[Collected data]
(* Let $L=\mathbb Z^2$ with $B(x,y)=x\begin{pmatrix}2&1\\1&8\end{pmatrix}y^T$, $Q(x)=\frac12B(x,x)$, and for $\alpha,\beta\in\mathbb Q^2$ put $\theta_{\alpha,\beta}(\tau,z)=\sum_{v\in\mathbb Z^2}e(B(\beta,v))\,e(\tau Q(\alpha+v)+B(\alpha+v,z))$ on $\mathbb H\times\mathbb C^2$. Then the 25 functions $\theta_{\alpha,\beta}^5$ with $\alpha\in\{(0,0),(\frac15,\frac35),(\frac25,\frac15),(\frac35,\frac45),(\frac45,\frac25)\}$ and $\beta\in\{(\frac j5,0):j=0,1,2,3,4\}$ are $\mathbb C$-linearly independent.
   Context: $e(x)=\exp(2\pi ix)$, $\mathbb H$ the upper half plane; $B$ is extended bilinearly to $\mathbb C^2$. *)

From Stdlib Require Import Reals ZArith.
From Coquelicot Require Import Coquelicot.
Open Scope R_scope.

(* e(w) = exp(2 pi i w) for complex w *)
Definition ee (w : C) : C :=
  Cmult (RtoC (exp (- (2 * PI * Im w))))
        (cos (2 * PI * Re w), sin (2 * PI * Re w)).

Definition C2 := (C * C)%type.

Definition Bf (x y : C2) : C :=
  Cplus (Cplus (Cmult (RtoC 2) (Cmult (fst x) (fst y)))
               (Cmult (fst x) (snd y)))
        (Cplus (Cmult (snd x) (fst y))
               (Cmult (RtoC 8) (Cmult (snd x) (snd y)))).

Definition Qf (x : C2) : C := Cmult (RtoC (/2)) (Bf x x).

Definition c2_of_Z (v : Z * Z) : C2 := (RtoC (IZR (fst v)), RtoC (IZR (snd v))).
Definition c2_of_R (a : R * R) : C2 := (RtoC (fst a), RtoC (snd a)).
Definition c2_add (x y : C2) : C2 := (Cplus (fst x) (fst y), Cplus (snd x) (snd y)).

Definition theta_term (alpha beta : R * R) (tau : C) (z : C2) (v : Z * Z) : C :=
  let av := c2_add (c2_of_R alpha) (c2_of_Z v) in
  Cmult (ee (Bf (c2_of_R beta) (c2_of_Z v)))
        (ee (Cplus (Cmult tau (Qf av)) (Bf av z))).

Definition theta_partial (alpha beta : R * R) (tau : C) (z : C2) (N : nat) : C :=
  sum_n (fun i => sum_n (fun j =>
     theta_term alpha beta tau z
       (Z.of_nat i - Z.of_nat N, Z.of_nat j - Z.of_nat N)%Z) (2 * N)) (2 * N).

(* theta_{alpha,beta}(tau,z): the (absolutely convergent for Im tau > 0)
   sum over Z^2, as the limit of the square partial sums *)
Definition theta (alpha beta : R * R) (tau : C) (z : C2) : C :=
  (real (Lim_seq (fun N => Re (theta_partial alpha beta tau z N))),
   real (Lim_seq (fun N => Im (theta_partial alpha beta tau z N)))) : C.

Definition alpha_of (a : nat) : R * R :=
  match a with
  | 0%nat => (0, 0)
  | 1%nat => (1/5, 3/5)
  | 2%nat => (2/5, 1/5)
  | 3%nat => (3/5, 4/5)
  | _ => (4/5, 2/5)
  end.

Definition beta_of (b : nat) : R * R := (INR b / 5, 0).

Definition Cpow5 (w : C) : C := Cmult w (Cmult w (Cmult w (Cmult w w))).

From Stdlib Require Import Reals ZArith Lra Lia Psatz List.
From Coquelicot Require Import Coquelicot.
Open Scope R_scope.

(* Take [tau = i t] and [z = x - i t P] with [x], [P] real.  Up to the factor [q ^ Q(P)],
   [q = exp (-2 pi t)], the term of [theta_(alpha, beta)] at [v] has modulus [q ^ Q(alpha + v - P)],
   so for [t -> oo] it is governed by the lattice points nearest to [P - alpha].  Choose
   [P = alpha_a0] and write [B(p, x) = p1 phi + p2 th].  For [alpha = alpha_a0] the nearest points
   are [v = 0] and [v = (1, 0), (-1, 0)], at [Q = 0, 1]: the normalised theta is
   [g(th) (1 + q s_b(phi))] up to [O(q^3)], where [|g| = 1].  For every other [alpha_a] the
   minimum of [Q] is either [2/5], attained at two points with the same second coordinate, or at
   least [1/2].  Hence a vanishing combination of fifth powers gives
   [g(th)^5 T(t) + q^2 P(th) = O(q^(5/2))] with [T(t) = sum_b c_(a0,b) (1 + q s_b)^5], and the shift
   [th -> th + 1/2] multiplies [g^5] by some [rho] but [P] by [-rho], so [T(t) = O(q^(5/2))].  Thus
   [sum_b c_(a0,b) s_b(phi)^k = 0] for [k <= 2] and every [phi]; at [phi = 0, 1/4, 1/8] this says
   that the discrete Fourier transform of [b |-> c_(a0,b)] on [Z/5] vanishes. *)

Lemma Cmod_sum_n_le (h : nat -> C) n : Cmod (sum_n h n) <= sum_n (fun k => Cmod (h k)) n.
Proof. apply (norm_sum_n_m h 0 n). Qed.

Lemma sum_n_ext_C (f g : nat -> C) n : (forall k, f k = g k) -> sum_n f n = sum_n g n :> C.
Proof. intros H; now apply sum_n_ext. Qed.

Lemma sum_n_zero (g : nat -> C) n : (forall k, (k <= n)%nat -> g k = 0%C) -> sum_n g n = RtoC 0.
Proof.
  induction n as [|n IH]; intros H.
  - rewrite sum_O; apply H; lia.
  - rewrite sum_Sn, IH by (intros; apply H; lia).
    rewrite H by lia; apply Cplus_0_r.
Qed.

Lemma sum_n_single (g : nat -> C) n k0 : (k0 <= n)%nat ->
  (forall k, (k <= n)%nat -> k <> k0 -> g k = 0%C) -> sum_n g n = g k0.
Proof.
  intros Hk H; induction n as [|n IH].
  - replace k0 with O by lia; apply sum_O.
  - rewrite sum_Sn; change plus with Cplus.
    destruct (Nat.eq_dec k0 (S n)) as [->|Hne].
    + rewrite sum_n_zero by (intros; apply H; lia); apply Cplus_0_l.
    + rewrite IH, (H (S n)) by (lia || (intros; apply H; lia)); apply Cplus_0_r.
Qed.

Lemma sum_n_sub_C (f g : nat -> C) n :
  sum_n (fun a => f a - g a)%C n = (sum_n f n - sum_n g n)%C :> C.
Proof.
  induction n as [|n IH]; [rewrite !sum_O; reflexivity|].
  rewrite !sum_Sn, IH; change plus with Cplus; ring.
Qed.

Lemma sum_n_le_loc (u v : nat -> R) n : (forall k, (k <= n)%nat -> u k <= v k) ->
  sum_n u n <= sum_n v n.
Proof.
  induction n as [|n IH]; intros H; [rewrite !sum_O; apply H; lia|].
  rewrite !sum_Sn; apply Rplus_le_compat; [apply IH; intros; apply H; lia|apply H; lia].
Qed.

Lemma sum_n_nonneg (a : nat -> R) n : (forall k, 0 <= a k) -> 0 <= sum_n a n.
Proof.
  intros H; apply Rle_trans with (sum_n (fun _ => 0) n).
  - rewrite sum_n_const; lra.
  - now apply sum_n_m_le.
Qed.

Lemma sum_n_mult_sum_n (a b : nat -> R) m n :
  sum_n (fun i => sum_n (fun j => a i * b j) n) m = sum_n a m * sum_n b n.
Proof.
  rewrite <- (sum_n_mult_r (K := R_Ring)); apply sum_n_ext; intros i.
  apply (sum_n_mult_l (K := R_Ring)).
Qed.

Lemma Cmod_le_of_sum_eq_0 (W : nat -> C) (X : C) n a0 (E : nat -> R) : (a0 <= n)%nat ->
  sum_n W n = 0 :> C ->
  (forall a, (a <= n)%nat -> Cmod (W a - if Nat.eq_dec a a0 then X else RtoC 0)%C <= E a) ->
  Cmod X <= sum_n E n.
Proof.
  intros Ha0 HW HE.
  assert (HX : (- sum_n (fun a => W a - if Nat.eq_dec a a0 then X else RtoC 0)%C n)%C = X).
  { rewrite sum_n_sub_C, HW, (sum_n_single _ _ a0 Ha0).
    - destruct (Nat.eq_dec a0 a0) as [_|]; [ring|congruence].
    - intros a _ Ha; destruct (Nat.eq_dec a a0); congruence. }
  rewrite <- HX, Cmod_opp; eapply Rle_trans; [apply Cmod_sum_n_le|].
  apply sum_n_le_loc, HE.
Qed.

Definition cis (x : R) : C := (cos x, sin x).

Lemma Cmod_cis x : Cmod (cis x) = 1.
Proof.
  unfold Cmod, cis; simpl.
  pose proof (sin2_cos2 x) as H; unfold Rsqr in H.
  replace (cos x * (cos x * 1) + sin x * (sin x * 1)) with 1 by lra.
  apply sqrt_1.
Qed.

Lemma cis_add x y : (cis x * cis y)%C = cis (x + y).
Proof. unfold cis, Cmult; simpl; rewrite cos_plus, sin_plus; f_equal; ring. Qed.

Lemma cis_0 : cis 0 = 1%C.
Proof. unfold cis; rewrite cos_0, sin_0; reflexivity. Qed.

Lemma Cpow_cis x n : (cis x ^ n)%C = cis (INR n * x).
Proof.
  induction n as [|n IH].
  - simpl; rewrite Rmult_0_l; exact (eq_sym cis_0).
  - rewrite Cpow_S, IH, cis_add, S_INR; f_equal; ring.
Qed.

Lemma cis_add_2PI_mult x k : cis (x + 2 * INR k * PI) = cis x.
Proof. unfold cis; rewrite cos_period, sin_period; reflexivity. Qed.

Lemma cis_add_PI x : cis (x + PI) = (- cis x)%C.
Proof. unfold cis, Copp; rewrite cos_plus, sin_plus, cos_PI, sin_PI; simpl; f_equal; ring. Qed.

Lemma cis_neq_1 x : 0 < x < 2 * PI -> cis x <> 1%C.
Proof.
  intros Hx E; injection E as Ec _; pose proof PI_RGT_0.
  destruct (Rle_lt_dec x PI).
  - pose proof (cos_decreasing_1 0 x ltac:(lra) ltac:(lra) ltac:(lra) ltac:(lra) ltac:(lra)).
    rewrite cos_0 in *; lra.
  - pose proof (cos_increasing_1 x (2 * PI) ltac:(lra) ltac:(lra) ltac:(lra) ltac:(lra) ltac:(lra)).
    rewrite cos_2PI in *; lra.
Qed.

Lemma Cpow5_Cpow w : Cpow5 w = (w ^ 5)%C.
Proof. unfold Cpow5; simpl; ring. Qed.

Lemma ee_polar w : ee w = (RtoC (exp (- (2 * PI * Im w))) * cis (2 * PI * Re w))%C.
Proof. reflexivity. Qed.

Lemma exp_le_exp x y : x <= y -> exp x <= exp y.
Proof. intros [H|<-]; [left; now apply exp_increasing|apply Rle_refl]. Qed.

Lemma exp_le_1 x : x <= 0 -> exp x <= 1.
Proof. intros; rewrite <- exp_0; now apply exp_le_exp. Qed.

(* [qpow r t = q ^ r] for the nome [q = e (i t) = exp (-2 pi t)]. *)
Definition qpow (r t : R) : R := exp (- (2 * PI * t * r)).

Lemma qpow_pos r t : 0 < qpow r t.
Proof. apply exp_pos. Qed.

Lemma qpow_0 t : qpow 0 t = 1.
Proof. unfold qpow; rewrite Rmult_0_r, Ropp_0; apply exp_0. Qed.

Lemma qpow_add r s t : qpow r t * qpow s t = qpow (r + s) t.
Proof. unfold qpow; rewrite <- exp_plus; f_equal; ring. Qed.

Lemma qpow_le r s t : 0 <= t -> r <= s -> qpow s t <= qpow r t.
Proof.
  intros Ht Hrs; unfold qpow.
  apply exp_le_exp; pose proof PI_RGT_0.
  assert (0 <= 2 * PI * t * (s - r)) by (apply Rmult_le_pos; nra).
  nra.
Qed.

Lemma qpow_le_1 r t : 0 <= t -> 0 <= r -> qpow r t <= 1.
Proof.
  intros Ht Hr; rewrite <- (qpow_0 t); now apply qpow_le.
Qed.

Lemma Cmod_qpow r t : Cmod (qpow r t) = qpow r t.
Proof. rewrite Cmod_R; apply Rabs_pos_eq, Rlt_le, qpow_pos. Qed.

(** * Vanishing by exponential decay *)

Lemma eq_0_of_qpow_decay (X : C) L r : 0 < r ->
  (forall t, 1 <= t -> Cmod X <= L * qpow r t) -> X = 0%C.
Proof.
  intros Hr H.
  destruct (Req_dec (Cmod X) 0) as [E|E]; [now apply Cmod_eq_0|exfalso].
  assert (HX : 0 < Cmod X) by (pose proof (Cmod_ge_0 X); lra).
  assert (HL : 0 < L).
  { pose proof (H 1 (Rle_refl _)); pose proof (qpow_pos r 1); nra. }
  pose proof PI_RGT_0.
  set (a := 2 * PI * r).
  assert (Ha : 0 < a) by (unfold a; nra).
  set (t := 1 + L / (a * Cmod X)).
  assert (Ht : 1 <= t) by (unfold t; assert (0 < L / (a * Cmod X)) by
    (apply Rdiv_lt_0_compat; nra); lra).
  specialize (H t Ht); unfold qpow in H.
  (* [e^x > 1 + x] turns exponential decay into a linear bound that fails for large [t] *)
  pose proof (exp_ineq1 (a * t) ltac:(nra)) as Hexp.
  assert (Hmul : Cmod X * exp (a * t) <= L).
  { replace (- (2 * PI * t * r)) with (- (a * t)) in H by (unfold a; ring).
    rewrite exp_Ropp in H.
    apply (Rmult_le_compat_r (exp (a * t))) in H; [|left; apply exp_pos].
    rewrite Rmult_assoc, Rinv_l in H by (apply Rgt_not_eq, exp_pos); lra. }
  assert (Cmod X * (a * t) = a * Cmod X + L) by (unfold t; field; nra).
  nra.
Qed.

Definition Cpoly (A : nat -> C) (n : nat) (x : C) : C := sum_n (fun k => A k * x ^ k)%C n.

Lemma Cpoly_S A n x : Cpoly A (S n) x = (A O + x * Cpoly (fun k => A (S k)) n x)%C.
Proof.
  unfold Cpoly; induction n as [|n IH].
  - rewrite sum_Sn, !sum_O; change plus with Cplus; simpl; ring.
  - rewrite sum_Sn, IH, (sum_Sn _ n); change plus with Cplus; simpl; ring.
Qed.

Lemma Cmod_Cpoly_le A n x : Cmod x <= 1 ->
  Cmod (Cpoly A n x) <= sum_n (fun k => Cmod (A k)) n.
Proof.
  intros Hx; unfold Cpoly.
  eapply Rle_trans; [apply Cmod_sum_n_le|].
  apply sum_n_m_le; intros k; rewrite Cmod_mult, Cmod_pow.
  pose proof (pow_le _ k (Cmod_ge_0 x)); pose proof (pow_incr _ 1 k (conj (Cmod_ge_0 x) Hx)).
  rewrite pow1 in *; pose proof (Cmod_ge_0 (A k)); nra.
Qed.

YOUR OBJECTIVE –
All lines above from the line with "(** * Vanishing by exponential decay *)" through the line with "Definition Cpoly (A", both included, are to be set down exactly, with nothing else.

COMPLETED EXERCISE –
(** * Vanishing by exponential decay *)

Lemma eq_0_of_qpow_decay (X : C) L r : 0 < r ->
  (forall t, 1 <= t -> Cmod X <= L * qpow r t) -> X = 0%C.
Proof.
  intros Hr H.
  destruct (Req_dec (Cmod X) 0) as [E|E]; [now apply Cmod_eq_0|exfalso].
  assert (HX : 0 < Cmod X) by (pose proof (Cmod_ge_0 X); lra).
  assert (HL : 0 < L).
  { pose proof (H 1 (Rle_refl _)); pose proof (qpow_pos r 1); nra. }
  pose proof PI_RGT_0.
  set (a := 2 * PI * r).
  assert (Ha : 0 < a) by (unfold a; nra).
  set (t := 1 + L / (a * Cmod X)).
  assert (Ht : 1 <= t) by (unfold t; assert (0 < L / (a * Cmod X)) by
    (apply Rdiv_lt_0_compat; nra); lra).
  specialize (H t Ht); unfold qpow in H.
  (* [e^x > 1 + x] turns exponential decay into a linear bound that fails for large [t] *)
  pose proof (exp_ineq1 (a * t) ltac:(nra)) as Hexp.
  assert (Hmul : Cmod X * exp (a * t) <= L).
  { replace (- (2 * PI * t * r)) with (- (a * t)) in H by (unfold a; ring).
    rewrite exp_Ropp in H.
    apply (Rmult_le_compat_r (exp (a * t))) in H; [|left; apply exp_pos].
    rewrite Rmult_assoc, Rinv_l in H by (apply Rgt_not_eq, exp_pos); lra. }
  assert (Cmod X * (a * t) = a * Cmod X + L) by (unfold t; field; nra).
  nra.
Qed.

Definition Cpoly (A : nat -> C) (n : nat) (x : C) : C := sum_n (fun k => A k * x ^ k)%C n.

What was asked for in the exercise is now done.